Before composing and writing the musical "Rent", his most popular and well-known work, Jonathan Larson wrote a variety of early theatrical pieces, with varying degrees of success and production.

Among his early creative works is Sacrimmoralinority, his first musical which was co-written with David Glenn Armstrong, and originally staged at his alma mater Adelphi University in the winter of 1981. Following Jonathan and David's graduation in 1982, and retitled Saved! - An Immoral Musical on the Moral Majority, the Brechtian-themed musical cabaret played a four-week showcase run at Rusty's Storefront Blitz, a small theatre on 42nd Street in Manhattan, and won both authors a writing award from ASCAP.

Between 1983 and 1990, Larson wrote Superbia, originally intended as a futuristic rock retelling of George Orwell's book Nineteen Eighty-Four, though the Orwell estate denied him permission to adapt the novel itself. Superbia won the Richard Rodgers Production Award and the Richard Rodgers Development Grant. However, despite performances at Playwrights Horizons and a rock concert version produced by Larson's close friend and producer Victoria Leacock at the Village Gate in September 1989, Superbia was not fully produced, leading to disappointment for Larson.

His next work, completed in 1991, was a "rock monologue" entitled 30/90, which was later renamed "Boho Days" and finally titled tick, tick... BOOM!. This piece, written for only Larson with a piano and rock band, was intended to be a response to his feelings of rejection caused by the disappointment of Superbia. The show was performed off-Broadway at the Village Gate in Greenwich Village, as well as at the Second Stage Theater, then on the Upper West Side. Both of these productions were produced by Larson's friend, Victoria Leacock. The producer Jeffrey Seller saw a reading of Boho Days and expressed interest in producing Larson's musicals.

While in college, Larson came into contact with his strongest musical theatre influence, Stephen Sondheim, to whom he occasionally submitted his work for review. One tick, tick... BOOM! song called "Sunday" is a homage to Sondheim, who supported Larson, staying close to the melody and lyrics of Sondheim's own song of the same title but turning it from a manifesto about art into a waiter's lament. Sondheim would often write letters of recommendation for Larson to various producers. Larson later won the Stephen Sondheim Award.

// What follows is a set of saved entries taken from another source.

Lemma defining_formula_at L phi A G w : (forall f, L f <-> K5plus phi f) -> sentence A ->
  models_downward phi A (fun _ _ => True) -> FrL L G ->
  (forall V, msat G V w (defining_formula phi A)) <-> fmodels (generated G w) A.
Proof.
  intros HL HA Hdown HG. apply (FrL_K5plus L phi G HL) in HG as [_ [HE Hphi]].
  set (Q := qdd A).
  destruct (generated_flower G w phi A Q HE Hphi HA) as
      [c [n [HcQ [HnQ [Hdead [Hc0 [Hmodels [Hvalid Hfits]]]]]]]]; [unfold Q, qdd; lia.. |].
  assert (Hchi : forall a b, In (a, b) (flower_grid Q) ->
            (exists V, msat G V w (flower_formula a b)) <-> a <= c /\ (b <= n)%Z).
  { intros a b Hab. apply in_flower_grid in Hab. rewrite flower_formula_sat. apply Hfits; lia. }
  rewrite Hmodels. unfold defining_formula. setoid_rewrite msat_and.
  setoid_rewrite msat_forbid. fold Q. unfold bval.
  destruct (Nat.eq_dec c 0) as [->|Hc].
  - rewrite (Hc0 eq_refl). split.
    + intros H. destruct (H (fun _ _ => False)) as [_ Hdia].
      destruct excluded_middle_informative; auto. exfalso.
      apply msat_dia in Hdia as [v [Hv _]]. apply (proj2 Hdead eq_refl v Hv).
    + intros H0 V. split.
      * intros a b Hab _ Hsat. destruct (proj1 (Hchi a b Hab) (ex_intro _ V Hsat)) as [Ha _].
        apply in_flower_grid in Hab. lia.
      * destruct excluded_middle_informative; [simpl; tauto | contradiction].
  - assert (Hsucc : exists v, rel G w v).
    { apply NNPP; intros Hno. apply Hc, Hdead. intros v Hv. eauto. }
    split.
    + intros H. apply NNPP; intros HnA.
      assert (Hcn : In (c, n) (flower_grid Q)) by (apply in_flower_grid; lia).
      destruct (proj2 (Hchi c n Hcn) (conj (le_n c) (Z.le_refl n))) as [V HV].
      apply (proj1 (H V) c n Hcn); auto. split; auto. apply Hvalid; lia.
    + intros HcA V. split.
      * intros a b Hab [Hphiab HnA] Hsat.
        destruct (proj1 (Hchi a b Hab) (ex_intro _ V Hsat)) as [Hac Hbn].
        apply in_flower_grid in Hab. apply HnA, (Hdown c a n b); auto; try lia. apply Hvalid; lia.
      * destruct excluded_middle_informative; [simpl; tauto|].
        apply msat_dia. destruct Hsucc as [v Hv]. exists v; split; simpl; auto.
Qed.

In addition to his three larger theatrical pieces written before Rent, Larson also wrote music for J.P. Morgan Saves the Nation, numerous individual numbers, music for Sesame Street, music for the children's book cassettes of An American Tail and Land Before Time, music for Rolling Stone magazine publisher Jann Wenner, and performed in John Gray's musical Billy Bishop Goes to War which starred his close friend actor Roger Bart (Desperate Housewives), a musical called Mowgli, and four songs for the children's video Away We Go! (which he also conceived with collaborator and Composer Bob Golden and directed). For his early works Larson won a grant and award from the American Society of Composers, Authors, and Publishers and the Gilman and Gonzalez-Falla Theatre Foundation's Commendation Award.